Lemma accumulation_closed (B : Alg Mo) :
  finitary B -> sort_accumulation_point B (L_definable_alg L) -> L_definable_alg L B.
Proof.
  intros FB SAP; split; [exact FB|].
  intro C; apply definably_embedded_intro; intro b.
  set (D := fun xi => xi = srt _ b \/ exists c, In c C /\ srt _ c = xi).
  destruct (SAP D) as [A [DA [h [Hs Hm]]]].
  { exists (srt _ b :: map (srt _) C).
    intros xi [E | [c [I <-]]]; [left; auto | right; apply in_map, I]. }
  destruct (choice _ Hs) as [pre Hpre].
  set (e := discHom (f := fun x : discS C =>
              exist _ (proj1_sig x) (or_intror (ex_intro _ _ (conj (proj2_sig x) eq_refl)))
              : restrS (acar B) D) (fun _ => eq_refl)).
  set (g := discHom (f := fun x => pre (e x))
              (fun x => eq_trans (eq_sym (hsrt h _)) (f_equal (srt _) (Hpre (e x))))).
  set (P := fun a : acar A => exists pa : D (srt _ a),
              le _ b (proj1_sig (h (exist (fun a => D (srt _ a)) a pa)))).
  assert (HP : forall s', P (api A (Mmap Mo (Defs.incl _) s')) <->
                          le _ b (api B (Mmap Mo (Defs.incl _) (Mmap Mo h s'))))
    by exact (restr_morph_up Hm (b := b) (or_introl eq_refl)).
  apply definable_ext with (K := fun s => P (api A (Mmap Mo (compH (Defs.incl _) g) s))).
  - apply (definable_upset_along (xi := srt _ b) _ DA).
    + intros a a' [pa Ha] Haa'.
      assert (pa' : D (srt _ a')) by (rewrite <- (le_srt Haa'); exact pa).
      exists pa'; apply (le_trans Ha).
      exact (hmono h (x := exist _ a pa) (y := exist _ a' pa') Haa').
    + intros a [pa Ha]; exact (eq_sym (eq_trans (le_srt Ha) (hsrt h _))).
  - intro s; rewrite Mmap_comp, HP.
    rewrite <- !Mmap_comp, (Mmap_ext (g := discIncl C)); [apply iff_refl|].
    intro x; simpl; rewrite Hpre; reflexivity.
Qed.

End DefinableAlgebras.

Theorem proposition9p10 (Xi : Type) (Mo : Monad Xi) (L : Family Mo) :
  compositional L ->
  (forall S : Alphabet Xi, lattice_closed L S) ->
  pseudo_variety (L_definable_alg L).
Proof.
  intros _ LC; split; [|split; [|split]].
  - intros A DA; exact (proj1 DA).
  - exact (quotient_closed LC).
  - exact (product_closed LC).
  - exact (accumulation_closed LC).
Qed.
◆ ◆ ◆ ◆ ◆ ◆ ◆
> TASK OBJECTIVE: The expected output is exactly the lines of the listing above between the line holding "set (e := discHom (f := fun x : discS C =>" and the line holding "compositional L ->", inclusive.

> FINISHED EXERCISE:
  set (e := discHom (f := fun x : discS C =>
              exist _ (proj1_sig x) (or_intror (ex_intro _ _ (conj (proj2_sig x) eq_refl)))
              : restrS (acar B) D) (fun _ => eq_refl)).
  set (g := discHom (f := fun x => pre (e x))
              (fun x => eq_trans (eq_sym (hsrt h _)) (f_equal (srt _) (Hpre (e x))))).
  set (P := fun a : acar A => exists pa : D (srt _ a),
              le _ b (proj1_sig (h (exist (fun a => D (srt _ a)) a pa)))).
  assert (HP : forall s', P (api A (Mmap Mo (Defs.incl _) s')) <->
                          le _ b (api B (Mmap Mo (Defs.incl _) (Mmap Mo h s'))))
    by exact (restr_morph_up Hm (b := b) (or_introl eq_refl)).
  apply definable_ext with (K := fun s => P (api A (Mmap Mo (compH (Defs.incl _) g) s))).
  - apply (definable_upset_along (xi := srt _ b) _ DA).
    + intros a a' [pa Ha] Haa'.
      assert (pa' : D (srt _ a')) by (rewrite <- (le_srt Haa'); exact pa).
      exists pa'; apply (le_trans Ha).
      exact (hmono h (x := exist _ a pa) (y := exist _ a' pa') Haa').
    + intros a [pa Ha]; exact (eq_sym (eq_trans (le_srt Ha) (hsrt h _))).
  - intro s; rewrite Mmap_comp, HP.
    rewrite <- !Mmap_comp, (Mmap_ext (g := discIncl C)); [apply iff_refl|].
    intro x; simpl; rewrite Hpre; reflexivity.
Qed.

End DefinableAlgebras.

Theorem proposition9p10 (Xi : Type) (Mo : Monad Xi) (L : Family Mo) :
  compositional L ->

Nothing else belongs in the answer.